JP 2011-203588 A WO2011 / 121630 gazette JP 2012-226198 A JP-A-8-146906

  However, in the liquid crystal display device described in Patent Document 1, since correction is performed based on correction information created in advance at the time of manufacturing inspection, adjustment is required for each product, and the tact time is increased. There arises a problem that luminance unevenness cannot be suppressed due to a problem or a change with time after shipment from the factory.

  On the other hand, in the liquid crystal display device described in Patent Document 2, correction information is generated based on black unevenness information detected when full-screen black display is performed on the display unit. No problem arises. However, since this is a correction method for locally increasing the transmittance of the display unit and reducing the light emission amount of the light source unit with respect to the position where the luminance of the image to be displayed is determined to be low, There is a problem in that it is necessary to specify a correction position and to perform complicated control on hardware.

  On the other hand, in the liquid crystal display device described in Patent Document 3, since the luminance is uniformly corrected by a predetermined amount on the entire display screen of the liquid crystal panel, the correction position is specified and complicated control over the hardware is performed. Not necessary. However, in the case of Patent Document 3, since the correction can be applied only when the image data represents the minimum luminance corresponding to black in the entire display screen of the liquid crystal panel, there is a problem that the video that can suppress the luminance unevenness is limited. there were.

  Note that the technique described in Patent Document 4 is for suppressing the occurrence of a pseudo pattern, and not for suppressing the occurrence of uneven brightness.

  The present invention has been made in order to solve the above-described problem, and does not depend on a change in the state of the display device over time, and does not perform complicated control regardless of the content of the displayed video. An object of the present invention is to be able to suppress luminance unevenness that differs for each display device.

  In order to solve the above-described problems, in the present invention, for each pixel of input n-bit image data, lower x bits (1 ≦ x <n) of the image data and x bits are included. Dither processing is performed by performing a logical operation on the random number data.

  According to the present invention configured as described above, a luminance difference from the surrounding pixels is generated not only in a specific area of the input image data but also in the surrounding area, not in a state where the luminance difference from the surrounding area occurs in the entire area of the image data. Since it is in a random state, the luminance unevenness in the specific area is less noticeable. According to the present invention, since the image data is not corrected by the correction data obtained in advance, the display device is not changed regardless of the change in the state of the display device and the content of the displayed video. Different luminance unevenness can be suppressed for each unit. Further, since dither processing using random number data may be performed on the entire area of the image data, it is not necessary to specify a correction position by analyzing luminance or to perform complicated control on hardware.

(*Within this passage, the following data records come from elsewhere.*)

(* Fix $N>0$ and let $S=\{(v,w)\in\mathbb{C}^2\times\mathbb{C}^2:\ [v\,w]=N\}$ where $[a\,b]:=a^{\dot2}b^{\dot1}-a^{\dot1}b^{\dot2}$. For $u\in\mathbb{C}^2\setminus\{0\}$ put $\hat u=(-\bar u^{\dot2},\bar u^{\dot1})$, $\|u\|^2=|u^{\dot1}|^2+|u^{\dot2}|^2$, $\vartheta=\sqrt{1+N/\|u\|^2}$, and for $\sigma\in\mathbb{C}^\times$ $$\Phi(u,\sigma)=\big(v(\sigma),w(\sigma)\big),\qquad v(\sigma)=u+\sigma\hat u,\quad w(\sigma)=\hat u+\sigma^{-1}\vartheta^2u .$$ Then: (i) $\Phi(u,\sigma)\in S$ for all $u\neq0,\sigma\neq0$; (ii) the map $\iota(v,w)=(-\hat w,\hat v)$ is a fixed-point-free antiholomorphic involution of $S$, and each reparametrized curve $\sigma\mapsto\Phi(u,\vartheta\sigma)$ is mapped by $\iota$ to itself, the point with parameter $\sigma$ going to the point with parameter $-1/\bar\sigma$; (iii) let $\Omega_N$ be the holomorphic $3$-form on $S$ equal to $-\,dv^{\dot1}\wedge dv^{\dot2}\wedge dw^{\dot1}/v^{\dot1}$ where $v^{\dot1}\neq0$ (the Poincaré residue of $-d^2v\wedge d^2w/([v\,w]-N)$). Then the fibre integral of $\Phi^*\Omega_N$ over a small circle $|\sigma|=\varepsilon$, oriented counterclockwise, satisfies $$\frac{1}{2\pi}\oint_{|\sigma|=\varepsilon}\Phi^*\Omega_N=\omega_N:=i\big(du^{\dot1}\wedge d\bar u^{\dot1}+du^{\dot2}\wedge d\bar u^{\dot2}\big)+iN\,\frac{[u\,du]\wedge[\hat u\,d\hat u]}{\|u\|^4},$$ and $\omega_N=i\partial\bar\partial K$ with $K=\|u\|^2+N\log\|u\|^2$.
   Context: Complex conjugation of a pair $a=(a^{\dot1},a^{\dot2})$ is the ''quaternionic conjugate'' $\hat a=(-\bar a^{\dot2},\bar a^{\dot1})$, applied componentwise also to differentials; $[u\,du]=u^{\dot2}du^{\dot1}-u^{\dot1}du^{\dot2}$ and $[\hat u\,d\hat u]=\bar u^{\dot2}d\bar u^{\dot1}-\bar u^{\dot1}d\bar u^{\dot2}$. The fibre integral of a form $d\sigma\wedge\beta+(\text{terms without }d\sigma,d\bar\sigma)$ over the circle is $(\oint\cdot\,d\sigma)\,\beta$, computed by residues in $\sigma$. *)

From Stdlib Require Import Reals.
From Coquelicot Require Import Coquelicot.

Open Scope R_scope.

Definition C2 : Type := (C * C)%type.
Definition C4 : Type := (C2 * C2)%type.
Definition C3 : Type := (C2 * C)%type.

Definition C2add (a b : C2) : C2 := ((fst a + fst b)%C, (snd a + snd b)%C).
Definition C2scal (c : C) (a : C2) : C2 := ((c * fst a)%C, (c * snd a)%C).
Definition C2opp (a : C2) : C2 := ((- fst a)%C, (- snd a)%C).
Definition C2zero : C2 := (RtoC 0, RtoC 0).

Definition bracket (a b : C2) : C := (snd a * fst b - fst a * snd b)%C.

Definition hat (a : C2) : C2 := ((- Cconj (snd a))%C, Cconj (fst a)).

Definition nrm2 (u : C2) : R := (Cmod (fst u))^2 + (Cmod (snd u))^2.

Definition theta (N : R) (u : C2) : R := sqrt (1 + N / nrm2 u).

Definition Squad (N : R) (p : C4) : Prop := bracket (fst p) (snd p) = RtoC N.

Definition Phi (N : R) (u : C2) (s : C) : C4 :=
  (C2add u (C2scal s (hat u)),
   C2add (hat u) (C2scal (/ s * RtoC ((theta N u)^2))%C u)).

Definition iotaS (p : C4) : C4 := (C2opp (hat (snd p)), hat (fst p)).

(** ---- Holomorphy on C^4 (Osgood's definition: continuous and complex
   differentiable in each of the four variables separately). *)
Definition comp4 (p : C4) (j : nat) : C :=
  match j with
  | 0%nat => fst (fst p) | 1%nat => snd (fst p)
  | 2%nat => fst (snd p) | _ => snd (snd p) end.

Definition upd4 (p : C4) (j : nat) (z : C) : C4 :=
  match j with
  | 0%nat => ((z, snd (fst p)), snd p)
  | 1%nat => ((fst (fst p), z), snd p)
  | 2%nat => (fst p, (z, snd (snd p)))
  | _ => (fst p, (fst (snd p), z)) end.

Definition holomorphic4 (F : C4 -> C) : Prop :=
  forall p : C4,
    @continuous (prod_UniformSpace (prod_UniformSpace C_UniformSpace C_UniformSpace)
                                   (prod_UniformSpace C_UniformSpace C_UniformSpace))
                C_UniformSpace F p /\
    forall j : nat, (j < 4)%nat ->
      @ex_derive C_AbsRing C_NormedModule (fun z => F (upd4 p j z)) (comp4 p j).

Definition antiholomorphic4 (f : C4 -> C4) : Prop :=
  forall k : nat, (k < 4)%nat -> holomorphic4 (fun p => Cconj (comp4 (f p) k)).

Definition dR (g : R -> C) : C :=
  (Derive (fun t => Re (g t)) 0, Derive (fun t => Im (g t)) 0).

Definition dPhi (N : R) (p x : C3) : C4 :=
  let g := fun t : R =>
    Phi N (C2add (fst p) (C2scal (RtoC t) (fst x))) (snd p + RtoC t * snd x)%C in
  ((dR (fun t => fst (fst (g t))), dR (fun t => snd (fst (g t)))),
   (dR (fun t => fst (snd (g t))), dR (fun t => snd (snd (g t))))).

(** ---- The 3-form Omega_N = - dv^1 /\ dv^2 /\ dw^1 / v^1 (on the chart v^1 <> 0),
   evaluated at a point q of C^4 on three (real) tangent vectors a b c of C^4:
   (alpha1 /\ alpha2 /\ alpha3)(a,b,c) = det [alpha_i(x_j)]. *)
Definition det3 (a11 a12 a13 a21 a22 a23 a31 a32 a33 : C) : C :=
  (a11 * (a22 * a33 - a23 * a32) - a12 * (a21 * a33 - a23 * a31)
   + a13 * (a21 * a32 - a22 * a31))%C.

Definition OmegaN (q a b c : C4) : C :=
  (- det3 (fst (fst a)) (fst (fst b)) (fst (fst c))
          (snd (fst a)) (snd (fst b)) (snd (fst c))
          (fst (snd a)) (fst (snd b)) (fst (snd c))
     / fst (fst q))%C.

Definition PhiOmega (N : R) (p x y z : C3) : C :=
  OmegaN (Phi N (fst p) (snd p)) (dPhi N p x) (dPhi N p y) (dPhi N p z).

Definition RIntC (f : R -> C) (a b : R) : C :=
  (RInt (fun t => Re (f t)) a b, RInt (fun t => Im (f t)) a b).

(** Fibre integral over the circle |sigma| = eps, counterclockwise,
   parametrized by gamma(t) = eps e^{it}, t in [0, 2 pi]: the 2-form on
   u-space whose value on real tangent vectors X, Y of C^2 is
   \int_0^{2pi} (Phi^*Omega_N)_{(u,gamma t)}(gamma'(t), (X,0), (Y,0)) dt. *)
Definition gammaC (eps t : R) : C := (eps * cos t, eps * sin t).
Definition gammaC' (eps t : R) : C := (- eps * sin t, eps * cos t).

Definition fibre_int (N eps : R) (u X Y : C2) : C :=
  RIntC (fun t => PhiOmega N (u, gammaC eps t) (C2zero, gammaC' eps t)
                          (X, RtoC 0) (Y, RtoC 0)) 0 (2 * PI).

(** omega_N evaluated on real tangent vectors X, Y of C^2 at u, using
   du^j(X) = X^j, d\bar u^j(X) = conj X^j, (a /\ b)(X,Y) = a(X)b(Y) - a(Y)b(X),
   [u du] = u^2 du^1 - u^1 du^2, [\hat u d\hat u] = \bar u^2 d\bar u^1 - \bar u^1 d\bar u^2. *)
Definition wedge1 (a b : C2 -> C) (X Y : C2) : C := (a X * b Y - a Y * b X)%C.
Definition du1 (X : C2) : C := fst X.
Definition du2 (X : C2) : C := snd X.
Definition dub1 (X : C2) : C := Cconj (fst X).
Definition dub2 (X : C2) : C := Cconj (snd X).

Definition omegaN (N : R) (u X Y : C2) : C :=
  let udu := fun X : C2 => (snd u * du1 X - fst u * du2 X)%C in
  let hdh := fun X : C2 => (Cconj (snd u) * dub1 X - Cconj (fst u) * dub2 X)%C in
  (Ci * (wedge1 du1 dub1 X Y + wedge1 du2 dub2 X Y)
   + Ci * RtoC N * wedge1 udu hdh X Y / RtoC ((nrm2 u)^2))%C.

Definition pdR (f : C2 -> C) (u e : C2) : C :=
  dR (fun t => f (C2add u (C2scal (RtoC t) e))).

Definition e2 (j : nat) (c : C) : C2 :=
  match j with 0%nat => (c, RtoC 0) | _ => (RtoC 0, c) end.

Definition Wd (j : nat) (f : C2 -> C) (u : C2) : C :=
  (/ 2 * (pdR f u (e2 j (RtoC 1)) - Ci * pdR f u (e2 j Ci)))%C.
Definition Wdb (j : nat) (f : C2 -> C) (u : C2) : C :=
  (/ 2 * (pdR f u (e2 j (RtoC 1)) + Ci * pdR f u (e2 j Ci)))%C.

Definition duj (j : nat) (X : C2) : C := match j with 0%nat => du1 X | _ => du2 X end.
Definition dubj (j : nat) (X : C2) : C := match j with 0%nat => dub1 X | _ => dub2 X end.

Definition ddbar (f : C2 -> C) (u X Y : C2) : C :=
  (Wd 0 (Wdb 0 f) u * wedge1 (duj 0) (dubj 0) X Y
   + Wd 0 (Wdb 1 f) u * wedge1 (duj 0) (dubj 1) X Y
   + Wd 1 (Wdb 0 f) u * wedge1 (duj 1) (dubj 0) X Y
   + Wd 1 (Wdb 1 f) u * wedge1 (duj 1) (dubj 1) X Y)%C.

Definition Kpot (N : R) (u : C2) : C := RtoC (nrm2 u + N * ln (nrm2 u)).

From Stdlib Require Import Reals Lra Lia FunctionalExtensionality.
From Coquelicot Require Import Coquelicot.
Open Scope R_scope.

(** Every assertion of the theorem becomes an identity between rational
   expressions in the coordinates and their conjugates once the analytic
   objects of the statement (real derivatives, the circle integral, the
   Wirtinger derivatives) are computed in closed form.
   - A small calculus of real derivatives at 0 of curves R -> C
     ([has_dR0], with sum, product, inverse and conjugation rules) evaluates
     the operator [dR] used in all definitions.
   - (i) and the algebraic parts of (ii) are field identities; iotaS is
     antiholomorphic because each conjugated component of iotaS is, up to
     sign, a coordinate projection.
   - (iii), fibre integral: [dPhi] is computed in closed form
     ([dPhi_closed_form]); on the chart v^1 <> 0 the integrand is then the
     Laurent polynomial c_{-1}/sigma + omega_N + c_1 sigma
     ([pullback_laurent]).  On sigma = eps e^{it} the outer terms are
     trigonometric and integrate to zero over a period, and small circles
     stay in the chart ([small_circles_in_chart]).
   - (iii), potential: d/d(conj u^k) K = u^k theta^2 ([Wdb_Kpot]); one more
     derivative gives the Levi form of K ([Wd_Wdb_Kpot]), after which
     omega_N = i d d-bar K is again a field identity. *)

(** ** Real derivatives at 0 of curves in C *)

Definition has_dR0 (g : R -> C) (l : C) : Prop :=
  is_derive (fun t => fst (g t)) 0 (fst l) /\ is_derive (fun t => snd (g t)) 0 (snd l).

It is a functional block diagram which shows the principal part structural example of the display apparatus by this embodiment. It is a figure which shows the specific structural example of the random number data generation part by this embodiment, and an error diffusion part. It is a figure which shows the operation example by the display apparatus of this embodiment. It is a figure which shows the structural example of the display apparatus which concerns on the modification of this embodiment. It is a figure which shows the structural example of the display apparatus which concerns on the modification of this embodiment. It is a figure which shows the structural example of the display apparatus which concerns on the modification of this embodiment.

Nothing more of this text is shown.